* [ACTION ITEM] Check every line of the data for the string "naturals" and copy the ones that have it.

___ RECORDS SUPPLIED

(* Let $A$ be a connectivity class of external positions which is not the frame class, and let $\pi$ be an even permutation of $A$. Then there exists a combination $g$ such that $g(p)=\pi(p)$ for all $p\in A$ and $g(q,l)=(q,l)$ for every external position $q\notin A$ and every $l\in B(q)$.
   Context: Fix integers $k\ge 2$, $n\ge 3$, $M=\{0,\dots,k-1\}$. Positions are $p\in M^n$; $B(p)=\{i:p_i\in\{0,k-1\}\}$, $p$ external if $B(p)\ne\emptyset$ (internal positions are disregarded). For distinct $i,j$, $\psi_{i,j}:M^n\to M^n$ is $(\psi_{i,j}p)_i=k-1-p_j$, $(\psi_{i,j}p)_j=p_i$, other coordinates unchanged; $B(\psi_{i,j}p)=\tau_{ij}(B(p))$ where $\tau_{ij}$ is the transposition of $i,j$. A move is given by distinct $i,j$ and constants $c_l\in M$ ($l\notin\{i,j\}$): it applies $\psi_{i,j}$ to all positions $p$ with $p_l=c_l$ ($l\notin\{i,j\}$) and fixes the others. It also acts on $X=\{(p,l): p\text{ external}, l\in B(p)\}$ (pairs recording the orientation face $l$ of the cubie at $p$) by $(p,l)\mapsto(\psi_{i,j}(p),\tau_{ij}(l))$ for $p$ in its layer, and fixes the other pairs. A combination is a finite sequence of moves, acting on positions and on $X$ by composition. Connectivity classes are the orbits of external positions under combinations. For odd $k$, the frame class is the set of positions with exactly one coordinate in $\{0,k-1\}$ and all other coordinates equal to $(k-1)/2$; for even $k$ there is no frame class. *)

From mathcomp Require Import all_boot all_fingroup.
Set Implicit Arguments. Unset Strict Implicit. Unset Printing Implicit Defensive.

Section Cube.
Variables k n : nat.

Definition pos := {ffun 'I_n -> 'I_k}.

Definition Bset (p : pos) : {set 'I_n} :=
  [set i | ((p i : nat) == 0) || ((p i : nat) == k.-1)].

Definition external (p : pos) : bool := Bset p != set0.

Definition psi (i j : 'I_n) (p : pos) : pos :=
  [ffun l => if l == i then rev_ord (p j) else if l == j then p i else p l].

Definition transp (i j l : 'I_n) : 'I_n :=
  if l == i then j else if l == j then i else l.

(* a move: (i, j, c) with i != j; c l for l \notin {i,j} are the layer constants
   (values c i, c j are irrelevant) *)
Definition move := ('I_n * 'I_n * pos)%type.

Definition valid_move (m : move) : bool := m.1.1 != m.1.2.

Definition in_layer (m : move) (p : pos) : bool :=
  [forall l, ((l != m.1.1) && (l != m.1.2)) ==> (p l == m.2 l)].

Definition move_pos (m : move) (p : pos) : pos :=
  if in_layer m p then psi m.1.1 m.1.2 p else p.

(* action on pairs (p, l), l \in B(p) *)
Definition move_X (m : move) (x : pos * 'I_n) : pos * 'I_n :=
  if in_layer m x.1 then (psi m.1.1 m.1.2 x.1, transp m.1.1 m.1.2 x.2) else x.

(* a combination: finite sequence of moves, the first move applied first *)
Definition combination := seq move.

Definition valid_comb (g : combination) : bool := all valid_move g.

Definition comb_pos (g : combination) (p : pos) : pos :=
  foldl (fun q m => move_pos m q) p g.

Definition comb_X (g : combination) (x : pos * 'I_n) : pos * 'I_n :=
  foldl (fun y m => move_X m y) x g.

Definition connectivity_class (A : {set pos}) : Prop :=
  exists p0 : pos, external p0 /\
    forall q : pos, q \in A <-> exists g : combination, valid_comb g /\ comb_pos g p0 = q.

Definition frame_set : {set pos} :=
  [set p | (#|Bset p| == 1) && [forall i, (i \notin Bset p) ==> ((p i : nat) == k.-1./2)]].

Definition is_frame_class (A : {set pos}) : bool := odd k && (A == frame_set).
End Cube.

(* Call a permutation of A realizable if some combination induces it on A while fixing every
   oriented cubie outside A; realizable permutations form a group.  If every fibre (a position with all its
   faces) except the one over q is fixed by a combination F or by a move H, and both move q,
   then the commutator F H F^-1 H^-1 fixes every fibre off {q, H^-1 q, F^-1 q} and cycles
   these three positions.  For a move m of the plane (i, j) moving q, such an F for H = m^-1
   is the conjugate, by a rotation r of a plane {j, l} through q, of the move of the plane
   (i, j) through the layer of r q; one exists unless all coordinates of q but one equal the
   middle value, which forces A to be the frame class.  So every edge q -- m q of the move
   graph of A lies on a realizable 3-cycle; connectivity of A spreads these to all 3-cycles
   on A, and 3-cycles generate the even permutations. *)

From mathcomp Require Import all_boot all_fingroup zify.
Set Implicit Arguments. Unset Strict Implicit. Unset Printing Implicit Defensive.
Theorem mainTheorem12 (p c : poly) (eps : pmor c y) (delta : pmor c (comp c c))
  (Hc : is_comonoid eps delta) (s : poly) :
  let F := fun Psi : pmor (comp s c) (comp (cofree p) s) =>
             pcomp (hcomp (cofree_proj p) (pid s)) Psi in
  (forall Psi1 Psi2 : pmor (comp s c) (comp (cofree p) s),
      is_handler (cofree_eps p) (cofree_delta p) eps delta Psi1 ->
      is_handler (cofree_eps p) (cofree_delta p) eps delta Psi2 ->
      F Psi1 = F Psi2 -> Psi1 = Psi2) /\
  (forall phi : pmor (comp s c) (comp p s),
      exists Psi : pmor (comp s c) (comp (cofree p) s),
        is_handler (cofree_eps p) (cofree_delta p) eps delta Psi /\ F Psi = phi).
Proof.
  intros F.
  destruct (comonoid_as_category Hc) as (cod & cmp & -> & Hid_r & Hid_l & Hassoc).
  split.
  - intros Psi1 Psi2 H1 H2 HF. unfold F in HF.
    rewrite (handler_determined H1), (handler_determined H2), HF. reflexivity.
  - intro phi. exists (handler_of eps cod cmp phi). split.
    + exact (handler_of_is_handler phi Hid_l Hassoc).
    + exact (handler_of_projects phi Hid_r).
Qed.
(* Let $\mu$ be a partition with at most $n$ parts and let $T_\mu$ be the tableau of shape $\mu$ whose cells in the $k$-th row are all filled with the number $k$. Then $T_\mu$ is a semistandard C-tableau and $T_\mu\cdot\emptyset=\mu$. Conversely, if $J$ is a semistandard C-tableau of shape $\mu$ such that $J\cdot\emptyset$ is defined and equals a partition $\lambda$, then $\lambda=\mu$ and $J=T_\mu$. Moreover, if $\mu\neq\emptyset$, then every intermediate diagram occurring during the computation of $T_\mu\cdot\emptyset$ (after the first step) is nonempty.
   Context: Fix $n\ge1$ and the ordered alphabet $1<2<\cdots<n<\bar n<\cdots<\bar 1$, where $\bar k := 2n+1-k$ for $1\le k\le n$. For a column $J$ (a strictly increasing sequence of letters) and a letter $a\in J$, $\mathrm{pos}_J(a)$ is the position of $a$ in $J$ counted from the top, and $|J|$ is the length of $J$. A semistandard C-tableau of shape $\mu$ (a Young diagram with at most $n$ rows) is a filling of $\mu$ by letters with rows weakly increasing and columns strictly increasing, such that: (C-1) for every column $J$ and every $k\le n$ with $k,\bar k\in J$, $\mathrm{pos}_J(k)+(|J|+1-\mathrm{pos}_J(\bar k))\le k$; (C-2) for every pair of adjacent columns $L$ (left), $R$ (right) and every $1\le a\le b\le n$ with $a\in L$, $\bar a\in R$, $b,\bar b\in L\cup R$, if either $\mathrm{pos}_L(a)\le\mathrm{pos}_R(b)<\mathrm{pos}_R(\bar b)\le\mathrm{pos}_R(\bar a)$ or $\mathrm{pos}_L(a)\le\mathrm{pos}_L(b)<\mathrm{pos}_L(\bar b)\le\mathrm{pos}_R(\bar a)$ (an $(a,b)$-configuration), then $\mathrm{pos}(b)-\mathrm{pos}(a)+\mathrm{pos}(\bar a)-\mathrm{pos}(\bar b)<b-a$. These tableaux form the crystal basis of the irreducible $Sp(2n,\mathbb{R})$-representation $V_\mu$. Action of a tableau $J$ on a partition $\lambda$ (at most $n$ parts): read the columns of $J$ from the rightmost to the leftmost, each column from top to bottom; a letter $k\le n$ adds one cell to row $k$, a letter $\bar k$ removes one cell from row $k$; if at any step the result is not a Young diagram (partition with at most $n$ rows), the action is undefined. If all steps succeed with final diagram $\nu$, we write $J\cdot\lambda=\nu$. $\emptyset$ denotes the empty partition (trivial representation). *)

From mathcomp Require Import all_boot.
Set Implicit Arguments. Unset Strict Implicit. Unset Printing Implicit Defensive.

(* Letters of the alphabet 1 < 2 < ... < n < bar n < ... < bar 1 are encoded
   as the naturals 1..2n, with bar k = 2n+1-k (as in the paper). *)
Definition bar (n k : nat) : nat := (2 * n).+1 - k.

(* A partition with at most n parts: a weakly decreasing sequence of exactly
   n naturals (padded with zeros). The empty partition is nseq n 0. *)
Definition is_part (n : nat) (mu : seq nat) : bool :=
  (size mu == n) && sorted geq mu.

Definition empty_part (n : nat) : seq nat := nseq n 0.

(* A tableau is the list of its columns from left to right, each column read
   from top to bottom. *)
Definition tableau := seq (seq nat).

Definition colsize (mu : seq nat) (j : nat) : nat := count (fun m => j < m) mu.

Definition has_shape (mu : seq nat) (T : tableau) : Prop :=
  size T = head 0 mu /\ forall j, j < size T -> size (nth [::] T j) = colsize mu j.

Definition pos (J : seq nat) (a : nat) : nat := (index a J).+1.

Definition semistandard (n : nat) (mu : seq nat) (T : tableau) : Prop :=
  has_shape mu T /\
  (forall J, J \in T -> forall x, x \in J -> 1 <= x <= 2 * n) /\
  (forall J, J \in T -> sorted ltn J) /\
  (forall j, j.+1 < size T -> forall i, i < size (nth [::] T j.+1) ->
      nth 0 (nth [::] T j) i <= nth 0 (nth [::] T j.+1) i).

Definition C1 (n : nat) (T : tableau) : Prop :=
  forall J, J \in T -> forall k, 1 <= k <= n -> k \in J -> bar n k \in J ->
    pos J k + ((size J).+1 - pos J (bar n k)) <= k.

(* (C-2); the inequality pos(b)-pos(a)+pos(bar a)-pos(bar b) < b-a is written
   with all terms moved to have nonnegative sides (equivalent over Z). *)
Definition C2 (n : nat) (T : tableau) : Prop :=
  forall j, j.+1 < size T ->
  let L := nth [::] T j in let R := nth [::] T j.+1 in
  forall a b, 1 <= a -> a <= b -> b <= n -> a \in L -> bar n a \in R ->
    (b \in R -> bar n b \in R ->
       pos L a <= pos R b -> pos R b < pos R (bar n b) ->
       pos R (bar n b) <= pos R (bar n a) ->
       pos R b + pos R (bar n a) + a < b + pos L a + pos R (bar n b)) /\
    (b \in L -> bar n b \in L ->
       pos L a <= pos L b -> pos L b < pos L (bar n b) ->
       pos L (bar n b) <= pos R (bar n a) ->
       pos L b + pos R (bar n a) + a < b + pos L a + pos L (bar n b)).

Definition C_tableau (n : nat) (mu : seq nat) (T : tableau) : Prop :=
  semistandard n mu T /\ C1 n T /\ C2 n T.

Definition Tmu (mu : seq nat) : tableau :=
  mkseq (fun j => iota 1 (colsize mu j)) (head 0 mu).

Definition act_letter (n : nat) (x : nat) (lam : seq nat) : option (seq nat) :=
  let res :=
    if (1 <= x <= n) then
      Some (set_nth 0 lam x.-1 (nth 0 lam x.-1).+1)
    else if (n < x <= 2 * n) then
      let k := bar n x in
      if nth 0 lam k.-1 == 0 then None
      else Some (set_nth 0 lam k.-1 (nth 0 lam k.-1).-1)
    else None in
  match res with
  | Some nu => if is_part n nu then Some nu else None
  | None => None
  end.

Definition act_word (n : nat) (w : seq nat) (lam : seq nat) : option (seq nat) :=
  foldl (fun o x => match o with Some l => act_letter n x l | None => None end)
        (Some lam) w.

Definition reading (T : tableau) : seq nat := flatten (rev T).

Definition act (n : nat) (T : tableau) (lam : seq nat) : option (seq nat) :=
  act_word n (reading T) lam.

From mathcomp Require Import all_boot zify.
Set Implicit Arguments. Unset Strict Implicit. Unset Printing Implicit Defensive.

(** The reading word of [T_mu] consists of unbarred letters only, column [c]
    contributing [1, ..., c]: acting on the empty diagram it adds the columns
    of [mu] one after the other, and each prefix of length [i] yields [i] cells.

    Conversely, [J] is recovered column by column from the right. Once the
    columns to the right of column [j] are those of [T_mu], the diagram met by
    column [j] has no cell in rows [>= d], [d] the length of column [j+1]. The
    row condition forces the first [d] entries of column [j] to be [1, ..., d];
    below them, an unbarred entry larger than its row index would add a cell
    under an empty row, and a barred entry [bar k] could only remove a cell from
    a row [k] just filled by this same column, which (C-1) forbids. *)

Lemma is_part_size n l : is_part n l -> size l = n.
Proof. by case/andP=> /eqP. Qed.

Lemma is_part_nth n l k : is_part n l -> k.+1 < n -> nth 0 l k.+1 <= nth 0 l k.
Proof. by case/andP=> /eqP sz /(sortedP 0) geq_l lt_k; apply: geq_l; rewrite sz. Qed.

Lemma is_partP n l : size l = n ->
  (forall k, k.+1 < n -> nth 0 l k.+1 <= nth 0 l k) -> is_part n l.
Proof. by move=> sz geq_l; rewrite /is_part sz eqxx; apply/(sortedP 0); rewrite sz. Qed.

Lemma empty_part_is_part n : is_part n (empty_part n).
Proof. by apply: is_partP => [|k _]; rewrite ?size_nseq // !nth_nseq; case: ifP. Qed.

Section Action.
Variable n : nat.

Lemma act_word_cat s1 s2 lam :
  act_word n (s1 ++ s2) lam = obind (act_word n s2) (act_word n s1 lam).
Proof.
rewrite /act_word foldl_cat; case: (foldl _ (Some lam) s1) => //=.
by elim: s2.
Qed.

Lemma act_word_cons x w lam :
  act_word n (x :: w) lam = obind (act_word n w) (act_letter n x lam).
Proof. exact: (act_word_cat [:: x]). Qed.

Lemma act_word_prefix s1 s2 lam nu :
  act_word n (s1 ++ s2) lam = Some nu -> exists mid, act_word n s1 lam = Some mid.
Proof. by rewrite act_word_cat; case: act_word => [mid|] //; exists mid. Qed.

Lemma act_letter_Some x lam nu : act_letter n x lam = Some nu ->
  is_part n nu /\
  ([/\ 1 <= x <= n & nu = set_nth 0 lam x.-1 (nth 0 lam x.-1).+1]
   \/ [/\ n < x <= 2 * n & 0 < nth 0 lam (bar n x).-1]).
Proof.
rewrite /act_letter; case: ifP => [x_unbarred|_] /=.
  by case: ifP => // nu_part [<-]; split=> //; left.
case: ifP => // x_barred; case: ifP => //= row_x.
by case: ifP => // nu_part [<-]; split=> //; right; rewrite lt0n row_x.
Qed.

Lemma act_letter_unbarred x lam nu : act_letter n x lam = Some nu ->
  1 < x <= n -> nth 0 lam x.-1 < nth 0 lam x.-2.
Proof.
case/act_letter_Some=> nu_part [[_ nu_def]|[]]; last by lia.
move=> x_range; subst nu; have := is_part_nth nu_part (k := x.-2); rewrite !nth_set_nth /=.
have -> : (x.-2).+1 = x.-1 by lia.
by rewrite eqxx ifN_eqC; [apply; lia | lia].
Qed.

______

* [RESULT OF THIS TASK]
   as the naturals 1..2n, with bar k = 2n+1-k (as in the paper). *)
   n naturals (padded with zeros). The empty partition is nseq n 0. *)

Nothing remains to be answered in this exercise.